Review: 'The Heartland: An American History,' by Kristin Hoganson

NONFICTION: A scholar debunks claims the Midwest is insulated and isolated in its people and policies.

By GLENN C. ALTSCHULER

For the Minnesota Star Tribune
May 17, 2019 at 3:53PM
Kristin Hoganson
Photo by Fred Zwicky
Kristin Hoganson Photo by Fred Zwicky (Laurie Hertzel — UI News Bureau: Fred Zwicky/The Minnesota Star Tribune)

The Midwest, according to conventional wisdom, is the quintessential American region. Insulated and isolated, stable and inward-looking, it exemplifies our nation's essence — and exceptionalism — through its people, principles and practices. The Midwest is the America of America First.

In "The Heartland," Kristin Hoganson, a professor of history at the University of Illinois, Urbana-Champaign, and the author, among other books, of "American Empire at the Turn of the Twentieth Century," debunks these claims.

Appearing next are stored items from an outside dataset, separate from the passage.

Lemma Phiinv_spec p : 0 < p <= 1 / 2 -> Phi (Phiinv p) = p /\ Phiinv p <= 0.
Proof.
  intros Hp.
  assert (Hex : exists x, Phi x = p).
  { destruct (Req_dec p (1 / 2)) as [E|E]; [exists 0; rewrite Phi_0; auto|].
    destruct (Phi_left_limit p ltac:(lra)) as [M HM].
    set (a := Rmin M 0 - 1).
    assert (HaM : a < M) by (unfold a; pose proof (Rmin_l M 0); lra).
    assert (Ha0 : a < 0) by (unfold a; pose proof (Rmin_r M 0); lra).
    specialize (HM a HaM). pose proof (Rle_abs (Phi a)).
    destruct (IVT (fun x => Phi x - p) a 0) as [z [_ Hz]].
    - intros z. apply (proj2 (continuity_pt_filterlim _ _)).
      apply (continuous_of_ex_derive (fun x => Phi x - p)).
      auto_derive. eexists. apply Phi_derive.
    - exact Ha0.
    - lra.
    - rewrite Phi_0. lra.
    - exists z. lra. }
  pose proof (epsilon_spec (inhabits 0) (fun x => Phi x = p) Hex) as Hinv.
  fold (Phiinv p) in Hinv. split; [exact Hinv|].
  destruct (Rle_or_lt (Phiinv p) 0) as [L|L]; [exact L|].
  apply Phi_increasing in L. rewrite Phi_0 in L. lra.
Qed.

(** * The Mills-ratio gap and the tilted survival function *)

Definition mills_gap (s x : R) : R := s * (1 - Phi x) - phi x.

Definition tilted_survival (s x : R) : R := exp (s * x) * (1 - Phi x).

(* Rewriting forms of the two derivatives, for use after auto_derive. *)
Lemma Derive_Phi x : Derive Phi x = phi x.
Proof. apply is_derive_unique, Phi_derive. Qed.

Lemma Derive_phi x : Derive phi x = - x * phi x.
Proof. apply is_derive_unique, phi_derive. Qed.

Lemma mills_gap_derive s x : is_derive (mills_gap s) x (phi x * (x - s)).
Proof.
  unfold mills_gap. auto_derive.
  - split; [eexists; apply Phi_derive|]. split; [eexists; apply phi_derive|exact I].
  - rewrite Derive_Phi, Derive_phi. ring.
Qed.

Using Champaign County as her paradigmatic example, Hoganson demonstrates that for hundreds of years, the heartland's rural and small-town communities have been "thoroughly riddled with histories of foreign relations."

She also maintains, more provocatively, that when the Midwest is examined as a "real, bloody, beating thing," instead of a nostalgic Victorian silhouette, the region helps us understand settler colonialism, the wellsprings of empire, contests between "insiders and people on the margins," and struggles for justice and freedom.

Hoganson has searched far and wide for evidence of Champaign's global connections and imperial entanglements. Illinois farmers, she indicates, looked to Canada for cattle to breed and to Mexico for animals to fatten. They invested in Berkshire hogs, ignoring their semi-feral and Asian ancestry, to associate themselves with Anglo-Saxon racial purity; refusing to accept blackness as an adequate standard for the pigs, a prize essay praised animals with "white feet, faces, tips of the tail, and an occasional splash of white on the arm." Meteorologists connected hurricanes, cyclones and tornadoes to far-flung places such as Jamaica and the Philippines. Similarly, Hoganson writes, migratory birds established Illinois "as a place in the middle, a place of encounter."

"The Heartland" begins and ends with the Kickapoos. As the white pioneers displaced the Indians, Hoganson reminds us, they used histories, societies and laws to make the locality theirs. With an eye, no doubt, on President Donald Trump, she endorses the Kickapoo claim that place is always relational and true security "does not emerge from walling people in and out, but from extending human rights and justice."

"The Heartland" is awash in interesting and fresh information. Hoganson's thesis, however, is not entirely persuasive. Readers sympathetic to conventional wisdom about the Midwest may see little in the book to convince them that the region is not more insulated and isolated, stable and inward-looking than other places in the United States. Nor does Hoganson make a compelling case that her accounts of searches for products and markets, weather forecasting and birds provide bricks in the edifice of American imperialism.

That said, Hoganson is surely right that some aspects of the heartland myth are better left behind. And to challenge us to look outward and inward at the same time and respect near and distant strangers.

Glenn C. Altschuler is the Thomas and Dorothy Litwin professor of American studies at Cornell University.